For up to 64 categories: 1 uint64 word
For up to 128 categories: 2 uint64 words
For k categories: ceil(k / 64) uint64 words

Storage per split node: ceil(max_category / 64) * 8 bytes

Variable-Size Storage#

Different splits may have different cardinalities. Use CSR-like storage:

Categorical split storage:
  data:    [word0, word1, word2, word3, ...]  // All bitsets packed
  offsets: [0, 1, 3, 3, 5, ...]               // Start index per node
  sizes:   [1, 2, 0, 2, ...]                  // Words per node (0 = numerical split)

Access bitset for node i:
  start <- offsets[i]
  len <- sizes[i]
  bitset <- data[start : start + len]

Memory Requirements#

Max Categories

Words per Split

Bytes per Split

64

1

8

256

4

32

1,024

16

128

10,000

157

1,256

For high-cardinality features, consider:

  • Limiting to top-k most frequent categories

  • Hashing to fixed range

  • Rejecting categorical split if cardinality exceeds threshold

Decision Logic#

Traversal with Categorical Splits#

ALGORITHM: TraverseWithCategorical(node, features, tree)
--------------------------------------------------------
1. WHILE node is not leaf:
2.     feat_idx <- tree.split_feature[node]
3.     fval <- features[feat_idx]
4.     
5.     IF tree.is_categorical[node]:
6.         // Categorical decision: check bitset membership
7.         category <- INT(fval)
8.         bitset <- tree.get_category_bitset(node)
9.         
10.        IF bitset.contains(category):
11.            node <- tree.left_child[node]
12.        ELSE:
13.            node <- tree.right_child[node]
14.    ELSE:
15.        // Numerical decision: threshold comparison
16.        IF fval <= tree.threshold[node]:
17.            node <- tree.left_child[node]
18.        ELSE:
19.            node <- tree.right_child[node]
20.
21. RETURN tree.leaf_value[node]

Decision Type Encoding (LightGBM)#

LightGBM packs split metadata into a single byte:

decision_type byte layout:
  Bit 0: Categorical flag     (0=numerical, 1=categorical)
  Bit 1: Default left flag    (0=missing→right, 1=missing→left)
  Bit 2-3: Missing type       (00=None, 01=Zero, 10=NaN)

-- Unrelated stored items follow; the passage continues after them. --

Lemma word_repr_of_dist_le Gamma lam n : dist_le Gamma lam n -> word_repr Gamma n lam.
Proof.
  intros [gam [l [[Hgam [Hl [_ Hlam]]] Hcost]]].
  destruct (lin_comb_expand gam l) as [P [N [HP [HN [LP [LN Hlin]]]]]].
  assert (HlΓ : List.Forall Gamma (map fst l)).
  { apply Forall_map; eapply Forall_impl; [|exact Hl]; intros p [Hp _]; exact Hp. }
  assert (Hrep : List.Forall Gamma (repeat gam (n - length P)) /\
                 List.Forall Gamma (repeat gam (n - length N))).
  { split; apply Forall_forall; intros x Hx; apply repeat_spec in Hx; subst; exact Hgam. }
  exists gam, (P ++ repeat gam (n - length P)), (N ++ repeat gam (n - length N)).
  repeat split.
  - exact Hgam.
  - apply Forall_app; split; [exact (incl_Forall HP HlΓ)|apply Hrep].
  - apply Forall_app; split; [exact (incl_Forall HN HlΓ)|apply Hrep].
  - rewrite length_app, repeat_length; lia.
  - rewrite length_app, repeat_length; lia.
  - intros i; rewrite Hlam; fold (lin_comb l gam i).
    rewrite Hlin, !sum_idx_app, !sum_idx_repeat, !Nat2Z.inj_sub by lia; ring.
Qed.

Lemma dist_le_of_word_repr Gamma lam n : word_repr Gamma n lam -> dist_le Gamma lam n.
Proof.
  intros [gam [xs [ys [Hgam [Hxs [Hys [Lx [Ly Hlam]]]]]]]].
  set (l := map (fun a => (a, 1%Z)) xs ++ map (fun a => (a, (-1)%Z)) ys).
  assert (Hl : List.Forall (fun p => Gamma (fst p)) l).
  { apply Forall_app; split; apply Forall_map; assumption. }
  destruct (repr_normalize Gamma gam l Hl) as [l' [HΓ [Hnd [Hlin [Hpos Hneg]]]]].
  exists gam, l'; split; [repeat split; auto|].
  - intros i; fold (lin_comb l' gam i).
    rewrite Hlin, Hlam; unfold l.
    rewrite lin_comb_app, !lin_comb_const_coef, Lx, Ly; ring.
  - unfold l in Hpos, Hneg.
    rewrite pos_sum_app, !pos_sum_const_coef in Hpos.
    rewrite neg_sum_app, !neg_sum_const_coef in Hneg.
    rewrite Lx, Ly in *; lia.
Qed.

Lemma E_ext_of_word_repr d n Gamma lam :
  in_N0d d lam -> word_repr Gamma n lam -> E_ext d n Gamma lam.
Proof.
  intros HN Hw; pose proof (dist_le_of_word_repr _ _ _ Hw) as Hd.
  split; [|split; [exact HN|exact Hd]].
  destruct Hd as [gam [l [Hr _]]]; exists gam, l; exact Hr.
Qed.

Lemma E_ext_of_Gamma d n (Gamma : mindex -> Prop) lam :
  (forall a, Gamma a -> in_N0d d a) -> Gamma lam -> E_ext d n Gamma lam.
Proof.
  intros HG Hlam.
  assert (Hr : is_repr Gamma lam lam nil)
    by (split; [exact Hlam|split; [constructor|split; [constructor|intros i; simpl; lia]]]).
  split; [exists lam, nil; exact Hr|split; [apply HG, Hlam|]].
  exists lam, nil; split; [exact Hr|simpl; lia].
Qed.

Example: decision_type = 0b00000101 = 5
  - Bit 0: 1 → categorical split
  - Bit 1: 0 → missing values go right
  - Bit 2-3: 01 → treat 0.0 as missing

Reference: LightGBM/include/LightGBM/tree.h, kCategoricalMask, kDefaultLeftMask

Regularization for Categorical Splits#

Categorical splits are prone to overfitting, especially with high cardinality (can perfectly separate small groups). Apply extra regularization:

Additional L2 Penalty#

Standard leaf value: w = -G / (H + lambda)

With categorical penalty: w = -G / (H + lambda + cat_l2)

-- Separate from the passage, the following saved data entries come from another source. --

Lemma expect_step (p : R) (L : law (list Z)) (f : list Z -> R) :
  expect (step p L) f = expect L (step_kernel p f).
Proof.
  rewrite !expect_lsum. unfold step. rewrite lsum_flat_map.
  apply lsum_ext_in. intros [xs q] _. simpl.
  rewrite lsum_flat_map. unfold step_kernel. rewrite <- !lsum_scal_l.
  apply lsum_ext_in. intros u1 _.
  rewrite lsum_flat_map. rewrite <- !lsum_scal_l. apply lsum_ext_in. intros u2 _.
  unfold avg_signs. simpl. ring.
Qed.

Definition bias (p : R) : R := 2 * p - 1.

(* (t + q m)/2, (t - q m)/2 and 1 - t are the probabilities that alpha X_U is 1, -1, 0
   when m and t are the empirical mean and density of nonzero steps and q = E alpha;
   the clamped sum of two channels is 1 iff one is 1 and the other is not -1. *)
Definition prob_up (q m t : R) : R :=
  (t + q * m) / 2 * ((t + q * m) / 2 + 2 * (1 - t)).
Definition prob_down (q m t : R) : R :=
  (t - q * m) / 2 * ((t - q * m) / 2 + 2 * (1 - t)).
Definition prob_zero (q m t : R) : R :=
  (1 - t) ^ 2 + 2 * ((t + q * m) / 2) * ((t - q * m) / 2).

Lemma prob_sum (q m t : R) : prob_up q m t + prob_down q m t + prob_zero q m t = 1.
Proof. unfold prob_up, prob_down, prob_zero. field. Qed.

Lemma prob_nonneg (q m t : R) : -1 <= q <= 1 -> 0 <= t <= 1 -> - t <= m <= t ->
  0 <= prob_up q m t /\ 0 <= prob_down q m t /\ 0 <= prob_zero q m t.
Proof.
  intros Hq Ht Hm.
  assert (0 <= t + q * m /\ 0 <= t - q * m) as [Hu Hv] by (split; nra).
  unfold prob_up, prob_down, prob_zero. repeat split; nra.
Qed.

Lemma prob_up_opp (q m t : R) : prob_up q (- m) t = prob_down q m t.
Proof. unfold prob_up, prob_down. now replace (t + q * - m) with (t - q * m) by ring. Qed.

Lemma prob_down_opp (q m t : R) : prob_down q (- m) t = prob_up q m t.
Proof. unfold prob_up, prob_down. now replace (t - q * - m) with (t + q * m) by ring. Qed.

Lemma prob_zero_opp (q m t : R) : prob_zero q (- m) t = prob_zero q m t.
Proof. unfold prob_zero. field. Qed.

Lemma step_kernel_ternary (p : R) (f : list Z -> R) (xs : list Z) :
  Forall ternary xs -> (1 <= length xs)%nat ->
  step_kernel p f xs =
    prob_up (bias p) (path_mean xs) (path_density xs) * f (xs ++ [1%Z]) +
    prob_down (bias p) (path_mean xs) (path_density xs) * f (xs ++ [(-1)%Z]) +
    prob_zero (bias p) (path_mean xs) (path_density xs) * f (xs ++ [0%Z]).
Proof.
  intros Hxs Hl. assert (0 < INR (length xs)) by (apply lt_0_INR; lia).
  unfold step_kernel.
  rewrite (lsum_ext_in _ _ (fun u1 => lsum xs (avg_signs p f xs (nth u1 xs 0%Z))))
    by (intros; apply lsum_nth).
  rewrite (lsum_nth xs (fun y1 => lsum xs (avg_signs p f xs y1))).
  rewrite lsum_ternary, !(lsum_ternary xs (avg_signs p f xs _)) by exact Hxs.
  unfold avg_signs.
  repeat match goal with |- context [clamp ?z] =>
    let v := eval compute in (clamp z) in change (clamp z) with v end.
  unfold prob_up, prob_down, prob_zero, path_mean, path_density, bias.
  field. lra.
Qed.

Lemma in_step_inv (p : R) (L : law (list Z)) (ys : list Z) (r : R) : In (ys, r) (step p L) ->
  exists xs q u1 u2 a1 r1 a2 r2, In (xs, q) L /\ In (a1, r1) (rad_law p) /\
    In (a2, r2) (rad_law p) /\
    ys = xs ++ [clamp (a1 * nth u1 xs 0 + a2 * nth u2 xs 0)]%Z /\
    r = q * / INR (length xs) * / INR (length xs) * r1 * r2.
Proof.
  unfold step. intros H.
  apply in_flat_map in H as [[xs q] [Hin H]].
  apply in_flat_map in H as [u1 [_ H]].
  apply in_flat_map in H as [u2 [_ H]].
  apply in_flat_map in H as [[a1 r1] [H1 H]].
  apply in_map_iff in H as [[a2 r2] [E H2]].
  injection E as <- <-. exists xs, q, u1, u2, a1, r1, a2, r2. auto.
Qed.

Lemma in_step_intro (p : R) (L : law (list Z)) (xs : list Z) (q : R) (u1 u2 : nat)
    (a1 a2 : Z) (r1 r2 : R) :
  In (xs, q) L -> (u1 < length xs)%nat -> (u2 < length xs)%nat ->
  In (a1, r1) (rad_law p) -> In (a2, r2) (rad_law p) ->
  In (xs ++ [clamp (a1 * nth u1 xs 0 + a2 * nth u2 xs 0)]%Z,
      q * / INR (length xs) * / INR (length xs) * r1 * r2) (step p L).
Proof.
  intros Hin Hu1 Hu2 H1 H2. unfold step. apply in_flat_map. exists (xs, q). split; [exact Hin|].
  apply in_flat_map. exists u1. split; [apply in_seq; lia|].
  apply in_flat_map. exists u2. split; [apply in_seq; lia|].
  apply in_flat_map. exists (a1, r1). split; [exact H1|].
  apply in_map_iff. exists (a2, r2). auto.
Qed.

Definition supported (n : nat) (L : law (list Z)) : Prop :=
  forall xs r, In (xs, r) L -> length xs = n /\ Forall ternary xs /\ 0 <= r.

Lemma ternary_clamp (z : Z) : ternary (clamp z).
Proof. unfold ternary, clamp. lia. Qed.

Lemma rad_law_nonneg (p r : R) (z : Z) : 0 <= p <= 1 -> In (z, r) (rad_law p) -> 0 <= r.
Proof. intros Hp [E | [E | []]]; injection E as _ <-; lra. Qed.

Lemma supported_step (p : R) (n : nat) (L : law (list Z)) : 0 <= p <= 1 -> (1 <= n)%nat ->
  supported n L -> supported (S n) (step p L).
Proof.
  intros Hp Hn HL ys r H.
  destruct (in_step_inv p L ys r H)
    as (xs & q & u1 & u2 & a1 & r1 & a2 & r2 & Hin & H1 & H2 & -> & ->).
  destruct (HL xs q Hin) as (Hl & Hxs & Hq).
  rewrite length_app. simpl. split; [lia|]. split.
  - apply Forall_app. split; [exact Hxs|]. constructor; [apply ternary_clamp | constructor].
  - assert (0 < INR (length xs)) by (apply lt_0_INR; lia).
    assert (0 <= / INR (length xs)) by (apply Rlt_le, Rinv_0_lt_compat; lra).
    pose proof (rad_law_nonneg p r1 a1 Hp H1). pose proof (rad_law_nonneg p r2 a2 Hp H2).
    repeat apply Rmult_le_pos; assumption.
Qed.

Lemma walk_law_SS (p : R) (k : nat) :
  walk_law p (S (S (S k))) = step p (walk_law p (S (S k))).
Proof. reflexivity. Qed.

Lemma walk_law_supported (p : R) (k : nat) : 0 <= p <= 1 ->
  supported (S (S k)) (walk_law p (S (S k))).
Proof.
  intros Hp. induction k as [|k IH].
  - intros xs r H. simpl in H.
    destruct H as [E|[E|[E|[E|[]]]]]; injection E as <- <-;
      repeat split; try lra; repeat constructor; unfold ternary; lia.
  - rewrite walk_law_SS. apply supported_step; [exact Hp | lia | exact IH].
Qed.

Lemma walk_law_mass (p : R) (k : nat) : 0 <= p <= 1 ->
  expect (walk_law p (S (S k))) (fun _ => 1) = 1.
Proof.
  intros Hp. induction k as [|k IH]; [simpl; lra|].
  rewrite walk_law_SS, expect_step. etransitivity; [|exact IH]. apply expect_ext_in.
  intros xs r Hin. destruct (walk_law_supported p k Hp xs r Hin) as (Hl & Hxs & _).
  rewrite step_kernel_ternary by (auto; lia).
  cbv beta. rewrite !Rmult_1_r. apply prob_sum.
Qed.

Lemma path_mean_opp (xs : list Z) : path_mean (map Z.opp xs) = - path_mean xs.
Proof.
  unfold path_mean, path_sum. rewrite length_map, lsum_map.
  rewrite (lsum_ext_in _ _ (fun x => -1 * IZR x)) by (intros; rewrite opp_IZR; ring).
  rewrite lsum_scal_l. unfold Rdiv. ring.
Qed.

Lemma path_density_opp (xs : list Z) : path_density (map Z.opp xs) = path_density xs.
Proof.
  unfold path_density, path_sqsum. rewrite length_map, lsum_map.
  f_equal. apply lsum_ext_in. intros. rewrite opp_IZR. ring.
Qed.

Lemma ternary_opp (xs : list Z) : Forall ternary xs -> Forall ternary (map Z.opp xs).
Proof.
  intros H. apply Forall_map. eapply Forall_impl; [|exact H].
  unfold ternary. intros a Ha. lia.
Qed.

Lemma expect_walk_law_opp (p : R) (k : nat) (f : list Z -> R) : 0 <= p <= 1 ->
  expect (walk_law p (S (S k))) f = expect (walk_law p (S (S k))) (fun xs => f (map Z.opp xs)).
Proof.
  intros Hp. revert f. induction k as [|k IH]; intros f; [simpl; lra|].
  rewrite walk_law_SS, !expect_step, IH. apply expect_ext_in.
  intros xs r Hin. destruct (walk_law_supported p k Hp xs r Hin) as (Hl & Hxs & _).
  assert (Hl' : length (map Z.opp xs) = length xs) by apply length_map.
  rewrite !step_kernel_ternary by (auto using ternary_opp; lia).
  rewrite path_mean_opp, path_density_opp, prob_up_opp, prob_down_opp, prob_zero_opp.
  rewrite !map_app. simpl. ring.
Qed.

Lemma expect_walk_law_Ssum (p : R) (k : nat) : 0 <= p <= 1 ->
  expect (walk_law p (S (S k))) Ssum = 0.
Proof.
  intros Hp. pose proof (expect_walk_law_opp p k Ssum Hp) as H.
  rewrite (expect_ext_in _ (fun xs => Ssum (map Z.opp xs)) (fun xs => -1 * Ssum xs)) in H.
  - rewrite expect_scal_l in H. lra.
  - intros xs _ _. rewrite !Ssum_path_sum. unfold path_sum.
    rewrite lsum_map, <- lsum_scal_l. apply lsum_ext_in. intros. rewrite opp_IZR. ring.
Qed.

Lemma walk_law_all_ones (p : R) (k : nat) : 0 < p < 1 ->
  exists r, 0 < r /\ In (repeat 1%Z (S (S k)), r) (walk_law p (S (S k))).
Proof.
  intros Hp. induction k as [|k [r [Hr Hin]]].
  - exists (1/4). split; [lra | now left].
  - rewrite walk_law_SS.
    assert (Hp1 : In (1%Z, p) (rad_law p)) by now left.
    pose proof (in_step_intro p _ _ _ 0 0 1 1 p p Hin) as H.
    rewrite repeat_length in H. specialize (H ltac:(lia) ltac:(lia) Hp1 Hp1).
    replace (clamp _) with 1%Z in H by reflexivity.
    change [1%Z] with (repeat 1%Z 1) in H.
    rewrite <- repeat_app, Nat.add_1_r in H.
    eexists. split; [|exact H].
    assert (0 < / INR (S (S k))) by (apply Rinv_0_lt_compat, lt_0_INR; lia).
    repeat apply Rmult_lt_0_compat; lra.
Qed.

Section LyapunovParameters.
Variable q : R.

(* The density t of nonzero steps at which q (2 - t) = 1, i.e. the conditional drift
   q (2 - t) m of the next step equals the current mean m. *)
Definition t_star : R := 2 - / q.
Definition lyap_a : R := q ^ 2 / (t_star * (3 * t_star - 2)).
Definition lyap_b : R := 2 / q.
Definition lyap_h (m t : R) : R := lyap_a * (m ^ 2 + lyap_b * (t - t_star) ^ 2).
Definition h_incr (m t n c : R) : R :=
  lyap_h (m + (c - m) / (n + 1)) (t + (c ^ 2 - t) / (n + 1)) - lyap_h m t.
Definition drift_const : R :=
  4 * lyap_a / q + lyap_a * (4 + lyap_b) + 2 * lyap_a * (8 + 6 * lyap_b).
Definition growth_coef (n : R) : R := 1 + 2 / n - drift_const / n ^ 2.

Hypothesis Hq : 3/4 < q < 1.

Lemma t_star_bounds : 2/3 < t_star < 1.
Proof.
  unfold t_star.
  assert (1 < / q < 4/3); [|lra].
  split; [rewrite <- Rinv_1 | rewrite <- (Rinv_inv (4/3))]; apply Rinv_lt_contravar; lra.
Qed.

Lemma lyap_a_pos : 0 < lyap_a.
Proof. pose proof t_star_bounds. unfold lyap_a. apply Rdiv_lt_0_compat; nra. Qed.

LightGBM default: cat_l2 = 10.0

Smoothing in Ratio Computation#

Prevent extreme ratios for rare categories:

Standard ratio: ratio = G / H
Smoothed ratio: ratio = G / (H + cat_smooth)

LightGBM default: cat_smooth = 10.0

Minimum Samples per Category#

Skip categories with insufficient data:

IF count[category] < min_data_per_group:
    exclude category from split finding

LightGBM default: min_data_per_group = 100

Maximum Categories per Split#

Limit complexity of category sets:

Only consider top max_cat_threshold categories by |G/H| magnitude

LightGBM default: max_cat_threshold = 32

When to Use Each Approach#

Use One-Hot Encoding When#

  • Cardinality is low (< 10 categories)

  • Using a library without native categorical support

  • Interpretability is important (one feature per category)

  • Categories are expected to have independent effects

Use Native Categorical When#

  • Cardinality is moderate (10-1000 categories)

  • Memory efficiency matters

  • Categories should be grouped (e.g., similar products, related locations)

  • Using LightGBM, XGBoost (with enable_categorical), or compatible implementation

Consider Alternatives When#

  • Very high cardinality (> 1000): Target encoding, embeddings

  • Ordinal relationship exists: Treat as numerical

  • Too few samples per category: Group rare categories into “other”

Encoding Consistency#

Critical: Training and inference must use identical category → integer mappings.

The Problem#

Training data categories: ["apple", "banana", "cherry"]
Mapping: apple→0, banana→1, cherry→2

New inference data: ["cherry", "date", "apple"]
If different mapping: cherry→0, date→1, apple→2  // WRONG!

The model learned that “0” means apple, but inference is sending cherry as 0.

Solution: Store Encoder with Model#

Model artifact should include:
  1. Tree ensemble (splits, leaves)
  2. Category encoder (category string → integer mapping per feature)
  3. Feature metadata (which features are categorical)

At inference:
  1. Load encoder
  2. Transform input categories using stored mapping
  3. Handle unknown categories (default direction or error)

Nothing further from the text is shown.